Now when someone looks at me funny or is rude or disrespectful or even downright mean, I let it go. I remember that I don’t know what’s going on inside them. I don’t know what kind of pain they are facing. I don’t know why they are hurt or fearful or sad. So I can forgive their moodiness, their ill temper, their criticism. Instead of being hurt or angry, I simply wonder how tangled their life is and let it go. I can’t tell you the freedom this had given my own life.
When Ian was first diagnosed and we went out in public, people always assumed he was a chemo patient. They were compassionate and kind and gentle with him. I remember watching a complete stranger carefully spotting him as he climbed through the tunnels at Port Discovery, making sure he didn’t hurt himself. A security guard at Hershey Park gave Ian a giant Hershey Bar and the ladies behind the fudge counter at the farm market always offered him a free piece of fudge. Once a waiter comped our entire check at Pizza Hut. In the beginning all I could do was nod thanks because every one of these encounters reduced me to tears. Now that I can talk about Ian’s condition more comfortably, I still don’t correct the kind strangers. Another parent of a child with Alopecia said, “Don’t correct them. They feel good because they did something good for someone. Let them have that.” So for the most part I don’t say anything. I also don’t say anything because my son doesn’t realize why these people are so kind to him. He just thinks people are nice. I want him to believe that as long as possible.
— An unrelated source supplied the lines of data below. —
(* Let $q\ge 2$, let $\mathcal{X}=\mathcal{Y}=\{0,\ldots,q-1\}$, and let $G$ be an error graph for a discrete memoryless channel with input alphabet $\mathcal{X}$ and output alphabet $\mathcal{Y}$. Let $n=n_1+n_2$ with $n_1,n_2$ nonnegative integers, and let $H=(U\sqcup V,E)$ be the bipartite graph whose parts $U$ and $V$ are both copies of $\mathcal{X}^{n_1}$ (input and output sequences of length $n_1$), where $u\in U$ and $v\in V$ are adjacent if and only if $v\neq u$ and $v$ can be obtained from $u$ by a single error. Then a single-error-correcting transmission strategy of length $n$ with one-time feedback after the first $n_1$ symbols that transmits $$M=\sum_{u\in U}M(u)$$ messages exists if and only if there exists a family of nonadaptive single-error-correcting codes $\mathcal{C}(u)$, $u\in \mathcal{X}^{n_1}$, of length $n_2$, where $\mathcal{C}(u)$ has cardinality $M(u)$ and $F(u)$ free points, satisfying $$\sum_{u:\,(u,v)\in E}M(u)\le F(v)\quad\text{for every } v\in V.$$
   Context: Error graph: a bipartite graph $G$ whose left part is $\mathcal{X}$ and right part is $\mathcal{Y}$; for $q_1\neq q_2$, $q_1$ and $q_2$ are joined if an error may change transmitted symbol $q_1$ into received symbol $q_2$. An error in a transmitted sequence means replacing one symbol $q_1$ by a symbol $q_2$ with $(q_1,q_2)$ an edge of $G$; ''a single error'' means at most one such replacement occurs in the whole transmission. A transmission strategy with one-time feedback after $n_1$ symbols for messages $m\in[M]$: the first $n_1$ transmitted symbols are a function of $m$ only; after they are sent, the encoder learns (error-free, instantaneously) the $n_1$ received symbols, and the remaining $n_2$ transmitted symbols are a function of $m$ and of those received symbols. For a message $m$, its cloud $B(m)$ is the set of output sequences in $\mathcal{Y}^n$ that can be received when $m$ is sent and at most one error occurs; the strategy is single-error-correcting (transmits $M$ messages) if the clouds $B(m)$, $m\in[M]$, are pairwise disjoint. A nonadaptive code of length $n_2$ is a strategy without feedback (each message is mapped to a fixed codeword in $\mathcal{X}^{n_2}$); it is single-error-correcting if its clouds are pairwise disjoint, and its free points are the points of $\mathcal{Y}^{n_2}$ lying in no cloud; $F(u)$ denotes their number for $\mathcal{C}(u)$. *)

From mathcomp Require Import all_boot.
Set Implicit Arguments. Unset Strict Implicit. Unset Printing Implicit Defensive.

Definition word (q n : nat) := {ffun 'I_n -> 'I_q}.

Definition catw (q n1 n2 : nat) (u : word q n1) (w : word q n2) : word q (n1 + n2) :=
  [ffun i => match split i with inl j => u j | inr k => w k end].

Definition one_err (q n : nat) (G : rel 'I_q) (x y : word q n) : bool :=
  [exists i, [forall j, (j != i) ==> (y j == x j)] && G (x i) (y i)].

Definition le1_err (q n : nat) (G : rel 'I_q) (x y : word q n) : bool :=
  (x == y) || one_err G x y.

(* Cloud of message m for a feedback strategy (enc1, enc2): the received
   word is catw y1 y2; the encoder learns y1 and sends catw (enc1 m) (enc2 m y1). *)
Definition fb_cloud (q n1 n2 M : nat) (G : rel 'I_q)
  (enc1 : 'I_M -> word q n1) (enc2 : 'I_M -> word q n1 -> word q n2)
  (m : 'I_M) (y : word q (n1 + n2)) : Prop :=
  exists (y1 : word q n1) (y2 : word q n2),
    y = catw y1 y2 /\ le1_err G (catw (enc1 m) (enc2 m y1)) (catw y1 y2).

Definition fb_SEC (q n1 n2 M : nat) (G : rel 'I_q)
  (enc1 : 'I_M -> word q n1) (enc2 : 'I_M -> word q n1 -> word q n2) : Prop :=
  forall m m' : 'I_M, m != m' -> forall y,
    ~ (fb_cloud G enc1 enc2 m y /\ fb_cloud G enc1 enc2 m' y).

Definition code_SEC (q n K : nat) (G : rel 'I_q) (c : 'I_K -> word q n) : Prop :=
  forall k k' : 'I_K, k != k' -> forall y : word q n,
    ~~ (le1_err G (c k) y && le1_err G (c k') y).

Definition free_points (q n K : nat) (G : rel 'I_q) (c : 'I_K -> word q n) : nat :=
  #|[set y : word q n | [forall k, ~~ le1_err G (c k) y]]|.

Definition adjH (q n1 : nat) (G : rel 'I_q) (u v : word q n1) : bool :=
  (v != u) && one_err G u v.

From mathcomp Require Import all_boot.
Set Implicit Arguments. Unset Strict Implicit. Unset Printing Implicit Defensive.

(* Sort the messages by their first block u.  Those messages whose first block
   arrives intact continue with the codeword they would send after u, and these
   continuations form a single-error-correcting code C(u).  A message whose
   first block u was corrupted into some v <> u has spent its error, so its
   second block arrives exactly; since the receiver sees v, these second blocks
   must be distinct free points of C(v).  Conversely, codes C(u) together with
   injections of the messages adjacent to v into the free points of C(v)
   assemble into a strategy. *)

Lemma card_preim_sum (aT rT : finType) (f : aT -> rT) (P : pred rT) :
  #|[set x | P (f x)]| = \sum_(y | P y) #|[set x | f x == y]|.
Proof.
rewrite -sum1_card (partition_big f P) => [|x]; last by rewrite inE.
apply: eq_bigr => y Py; rewrite -sum1_card; apply: eq_bigl => x.
by rewrite !inE; case: (f x =P y) => [->|]; rewrite ?Py ?andbF.
Qed.

Lemma card_tag_fiber (I : finType) (T_ : I -> finType) (i : I) :
  #|[set t : {i : I & T_ i} | tag t == i]| = #|T_ i|.
Proof.
have -> : [set t : {i : I & T_ i} | tag t == i] = [set Tagged T_ x | x : T_ i].
  apply/setP => -[j x]; rewrite !inE /=.
  apply/idP/imsetP => [/eqP ji | [y _ /(congr1 tag) /= ->] //].
  by subst j; exists x.
by rewrite card_imset //; apply: eq_from_Tagged.
Qed.

Section SetEmbedding.
Variables (aT rT : finType) (y0 : rT) (A : {set aT}) (B : {set rT}).
Hypothesis leAB : #|A| <= #|B|.

(* The [k]-th element of [A] goes to the [k]-th element of [B]; [y0] is
   only a junk value, taken outside [A]. *)
Definition set_embed (x : aT) : rT := nth y0 (enum B) (index x (enum A)).

Lemma set_embed_index_lt x : x \in A -> index x (enum A) < size (enum B).
Proof. by move=> Ax; rewrite -cardE (leq_trans _ leAB) // cardE index_mem mem_enum. Qed.

Lemma set_embed_in x : x \in A -> set_embed x \in B.
Proof. by move=> Ax; rewrite -mem_enum mem_nth ?set_embed_index_lt. Qed.

Lemma set_embed_inj : {in A &, injective set_embed}.
Proof.
move=> x x' Ax Ax' /eqP; rewrite nth_uniq ?enum_uniq ?set_embed_index_lt //.
move=> /eqP eq_index.
have [xA x'A] : x \in enum A /\ x' \in enum A by rewrite !mem_enum.
by rewrite -(nth_index x xA) eq_index nth_index.
Qed.

End SetEmbedding.

Section Concatenation.
Variables (q n1 n2 : nat) (G : rel 'I_q).
Implicit Types (a c : word q n1) (b d : word q n2).

Lemma catwL a b j : catw a b (lshift n2 j) = a j.
Proof. by rewrite ffunE (unsplitK (inl _ j)). Qed.

Lemma catwR a b k : catw a b (rshift n1 k) = b k.
Proof. by rewrite ffunE (unsplitK (inr _ k)). Qed.

Lemma catw_inj a b c d : catw a b = catw c d -> a = c /\ b = d.
Proof.
move=> eq_cat; split; apply/ffunP => i.
  by rewrite -(catwL a b) eq_cat catwL.
by rewrite -(catwR a b) eq_cat catwR.
Qed.

Lemma one_err_catwl a c b : one_err G a c -> one_err G (catw a b) (catw c b).
Proof.
case/existsP=> j /andP [/forallP eq_off Gj]; apply/existsP; exists (lshift n2 j).
rewrite !catwL Gj andbT; apply/forallP => i.
by case: (split_ordP i) => [j' ->|k ->]; rewrite ?catwL ?catwR ?eq_lshift ?eqxx ?implybT.
Qed.

Lemma one_err_catwr a b d : one_err G b d -> one_err G (catw a b) (catw a d).
Proof.
case/existsP=> k /andP [/forallP eq_off Gk]; apply/existsP; exists (rshift n1 k).
rewrite !catwR Gk andbT; apply/forallP => i.
by case: (split_ordP i) => [j ->|k' ->]; rewrite ?catwL ?catwR ?eq_rshift ?eqxx ?implybT.
Qed.

Lemma one_err_catwP a b c d :
  one_err G (catw a b) (catw c d) ->
  (a = c /\ one_err G b d) \/ (one_err G a c /\ b = d).
Proof.
case/existsP=> i /andP [/forallP eq_off].
case: (split_ordP i) eq_off => [j ->|k ->] eq_off; rewrite ?catwL ?catwR => Gi.
- right; split; last first.
    by apply/ffunP => k; have := eq_off (rshift n1 k); rewrite eq_rlshift !catwR => /eqP.
  apply/existsP; exists j; rewrite Gi andbT; apply/forallP => j'.
  by have := eq_off (lshift n2 j'); rewrite eq_lshift !catwL.
- left; split.
    by apply/ffunP => j; have := eq_off (lshift n2 j); rewrite eq_lrshift !catwL => /eqP.
  apply/existsP; exists k; rewrite Gi andbT; apply/forallP => k'.
  by have := eq_off (rshift n1 k'); rewrite eq_rshift !catwR.
Qed.

Lemma le1_err_catw a b c d :
  le1_err G (catw a b) (catw c d) <->
  (a = c /\ le1_err G b d) \/ (one_err G a c /\ b = d).
Proof.
rewrite /le1_err; split.
  case/orP => [/eqP/catw_inj [-> ->]|/one_err_catwP [[-> ->]|]]; last by right.
    by left; rewrite eqxx.
  by left; rewrite orbT.
case=> [[<- /orP [/eqP <-|bd]]|[ac <-]]; first by rewrite eqxx.
  by rewrite one_err_catwr ?orbT.
by rewrite one_err_catwl ?orbT.
Qed.

Hypothesis G_irrefl : forall x, ~~ G x x.

Lemma one_err_neq n (x y : word q n) : one_err G x y -> x != y.
Proof.
case/existsP=> i /andP [_ Gi]; apply: contraTneq Gi => ->; exact: G_irrefl.
Qed.

End Concatenation.

Section FeedbackToCodes.
Variables (q n1 n2 M : nat) (G : rel 'I_q).
Variables (enc1 : 'I_M -> word q n1) (enc2 : 'I_M -> word q n1 -> word q n2).

Lemma fb_cloud_clean_prefix m y :
  le1_err G (enc2 m (enc1 m)) y -> fb_cloud G enc1 enc2 m (catw (enc1 m) y).
Proof. by move=> err_y; exists (enc1 m), y; split=> //; apply/le1_err_catw; left. Qed.

Lemma fb_cloud_noisy_prefix m v :
  one_err G (enc1 m) v -> fb_cloud G enc1 enc2 m (catw v (enc2 m v)).
Proof. by move=> err_v; exists v, (enc2 m v); split=> //; apply/le1_err_catw; right. Qed.

Definition fb_size (u : word q n1) := #|[set m | enc1 m == u]|.

Definition fb_code (u : word q n1) (k : 'I_(fb_size u)) := enc2 (enum_val k) u.

Lemma enc1_enum_val u (k : 'I_(fb_size u)) : enc1 (enum_val k) = u.
Proof. by apply/eqP; have := enum_valP k; rewrite inE. Qed.

Lemma fb_cloud_fb_code u (k : 'I_(fb_size u)) y :
  le1_err G (fb_code k) y -> fb_cloud G enc1 enc2 (enum_val k) (catw u y).
Proof. by have := @fb_cloud_clean_prefix (enum_val k) y; rewrite enc1_enum_val. Qed.

Lemma sum_fb_size (P : pred (word q n1)) :
  \sum_(u | P u) fb_size u = #|[set m | P (enc1 m)]|.
Proof. by rewrite card_preim_sum. Qed.

Hypothesis enc_SEC : fb_SEC G enc1 enc2.

Lemma fb_code_SEC u : code_SEC G (@fb_code u).
Proof.
move=> k k' neq_k y; apply/negP => /andP [err_k err_k'].
apply: (enc_SEC (y := catw u y) (_ : enum_val k != enum_val k')).
  by apply: contra neq_k => /eqP/enum_val_inj ->.
by split; apply: fb_cloud_fb_code.
Qed.

(* A message whose first block was corrupted into [v] may be received as
   [catw v (enc2 m v)], so these second blocks are pairwise distinct and
   avoid the clouds of all messages that sent [v] itself. *)
Lemma fb_size_adj_le_free v :
  \sum_(u | adjH G u v) fb_size u <= free_points G (@fb_code v).
Proof.
rewrite sum_fb_size /free_points -(@card_in_imset _ _ (enc2^~ v)); last first.
  move=> m m'; rewrite !inE => /andP [_ err_m] /andP [_ err_m'] eq_enc2.
  case: (eqVneq m m') => // neq_m; exfalso.
  apply: (enc_SEC (y := catw v (enc2 m v)) neq_m).
  by split; [|rewrite eq_enc2]; apply: fb_cloud_noisy_prefix.
apply/subset_leq_card/subsetP => y /imsetP [m]; rewrite inE => /andP [neq_v err_v] ->.
rewrite inE; apply/forallP => k; apply/negP => err_k.
have neq_m : m != enum_val k.
  by apply: contraNneq neq_v => ->; rewrite enc1_enum_val.
apply: (enc_SEC (y := catw v (enc2 m v)) neq_m); split; first exact: fb_cloud_noisy_prefix.
exact: fb_cloud_fb_code.
Qed.

End FeedbackToCodes.

Section CodesToFeedback.
Variables (q n1 n2 : nat) (G : rel 'I_q).
Hypothesis G_irrefl : forall x, ~~ G x x.
Hypothesis q_gt0 : 0 < q.
Variables (Mu : word q n1 -> nat) (C : forall u : word q n1, 'I_(Mu u) -> word q n2).
Arguments C : clear implicits.
Hypothesis C_SEC : forall u, code_SEC G (C u).
Hypothesis Mu_adj_le_free :
  forall v, \sum_(u | adjH G u v) Mu u <= free_points G (C v).

Local Notation msg := {u : word q n1 & 'I_(Mu u)}.

Lemma card_msg_tag (P : pred (word q n1)) :
  #|[set t : msg | P (tag t)]| = \sum_(u | P u) Mu u.
Proof.
by rewrite card_preim_sum; apply: eq_bigr => u _; rewrite card_tag_fiber card_ord.
Qed.

Variables (M : nat) (M_sum : M = \sum_u Mu u).

Lemma card_msg : M = #|{: msg}|.
Proof. by rewrite M_sum -card_msg_tag cardsT. Qed.

Definition decode (m : 'I_M) : msg := enum_val (cast_ord card_msg m).

Lemma decode_inj : injective decode.
Proof. by move=> m m' /enum_val_inj /cast_ord_inj. Qed.

Definition strat_enc1 (m : 'I_M) := tag (decode m).

Definition own_codeword (m : 'I_M) := C (strat_enc1 m) (tagged (decode m)).

Definition adj_msgs (v : word q n1) := [set m | adjH G (strat_enc1 m) v].

Definition free_set (v : word q n1) :=
  [set y : word q n2 | [forall k, ~~ le1_err G (C v k) y]].

Lemma card_adj_msgs_le v : #|adj_msgs v| <= #|free_set v|.
Proof.
apply: leq_trans (Mu_adj_le_free v); rewrite -card_msg_tag -(card_imset _ decode_inj).
by apply/subset_leq_card/subsetP => t /imsetP [m]; rewrite !inE => adj_m ->.
Qed.

Definition word0 : word q n2 := [ffun => Ordinal q_gt0].

Definition redirect (v : word q n1) : 'I_M -> word q n2 :=
  set_embed word0 (adj_msgs v) (free_set v).

Lemma redirect_in v m : m \in adj_msgs v -> redirect v m \in free_set v.
Proof. exact: (set_embed_in word0 (card_adj_msgs_le v)). Qed.

Lemma redirect_inj v : {in adj_msgs v &, injective (redirect v)}.
Proof. exact: (set_embed_inj (card_adj_msgs_le v)). Qed.

Definition strat_enc2 (m : 'I_M) (y1 : word q n1) :=
  if y1 == strat_enc1 m then own_codeword m else redirect y1 m.

Lemma fb_cloud_catwP m y1 y2 :
  fb_cloud G strat_enc1 strat_enc2 m (catw y1 y2) ->
  (strat_enc1 m = y1 /\ le1_err G (own_codeword m) y2) \/
  (m \in adj_msgs y1 /\ redirect y1 m = y2).
Proof.
case=> z1 [z2 [/catw_inj [<- <-]]] /le1_err_catw [[eq_y1 err_y2]|[err_y1 <-]].
  by left; move: err_y2; rewrite /strat_enc2 eq_y1 eqxx.
have neq_y1 : y1 != strat_enc1 m by rewrite eq_sym; apply: one_err_neq err_y1.
by right; rewrite /strat_enc2 (negbTE neq_y1) inE /adjH neq_y1 err_y1.
Qed.

Lemma own_codeword_SEC m m' y :
  m != m' -> strat_enc1 m = strat_enc1 m' ->
  ~~ (le1_err G (own_codeword m) y && le1_err G (own_codeword m') y).
Proof.
rewrite /own_codeword /strat_enc1 -(inj_eq decode_inj).
case: (decode m) => u k; case: (decode m') => u' k' /= neq_tagged eq_u; subst u'.
by apply: C_SEC; apply: contra neq_tagged => /eqP ->.
Qed.

Lemma strat_SEC : fb_SEC G strat_enc1 strat_enc2.
Proof.
move=> m m' neq_m y [cloud_m cloud_m'].
have [y1 [y2 [eq_y _]]] := cloud_m; subst y.
case: (fb_cloud_catwP cloud_m) (fb_cloud_catwP cloud_m') =>
  [[eq_m err_m]|[adj_m red_m]] [[eq_m' err_m']|[adj_m' red_m']].
- by move: (own_codeword_SEC y2 neq_m); rewrite eq_m eq_m' err_m err_m' => /(_ erefl).
- have := redirect_in adj_m'.
  rewrite red_m' inE -eq_m => /forallP /(_ (tagged (decode m))).
  by rewrite err_m.
- have := redirect_in adj_m.
  rewrite red_m inE -eq_m' => /forallP /(_ (tagged (decode m'))).
  by rewrite err_m'.
- move/negP: neq_m; apply; apply/eqP.
  by apply: (redirect_inj adj_m adj_m'); rewrite red_m red_m'.
Qed.

End CodesToFeedback.

Unset Implicit Arguments.

Theorem theorem1 (q : nat) (hq : 2 <= q) (G : rel 'I_q)
  (hG : forall a, ~~ G a a) (n1 n2 M : nat) :
  (exists (enc1 : 'I_M -> word q n1) (enc2 : 'I_M -> word q n1 -> word q n2),
      fb_SEC G enc1 enc2)
  <->
  (exists (Mu : word q n1 -> nat) (C : forall u : word q n1, 'I_(Mu u) -> word q n2),
      M = \sum_(u : word q n1) Mu u /\
      (forall u, code_SEC G (C u)) /\
      (forall v : word q n1,
          \sum_(u : word q n1 | adjH G u v) Mu u <= free_points G (C v))).
Proof.
split=> [[enc1 [enc2 enc_SEC]] | [Mu [C [M_sum [C_SEC Mu_adj_le_free]]]]].
  exists (fb_size enc1), (fb_code enc2).
  split; first by rewrite sum_fb_size cardsT card_ord.
  by split=> [u|v]; [apply: fb_code_SEC | apply: fb_size_adj_le_free].
have q_gt0 : 0 < q by apply: leq_trans hq.
exists (strat_enc1 M_sum), (strat_enc2 G q_gt0 C M_sum).
exact: (strat_SEC hG C_SEC Mu_adj_le_free).
Qed.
Imagine how kind our world would be if everyone treated everyone else like they were terminally ill, injured, or in pain. No one would yell at anyone. No one would curse the slow driver in front of them or snap at the grumpy cashier or be rude to their waiter. We would go out of our way to help other people and be generous with our money, our time, and our words. Having a child with Alopecia has been a great blessing. It’s taken me some time to reach that conclusion. But I know our lives are better and Ian’s life is better because of this disease.
I wasn’t sure what I wanted to write about when I started this post. I thought maybe I’d talk about why I started the organic life and discuss the fact that we can’t force anyone else to embrace an organic life no matter how good it might be for them. But I guess I had something more important to say. Live gently among your neighbors – give them the benefit of the doubt and your kindness, nothing more and nothing less.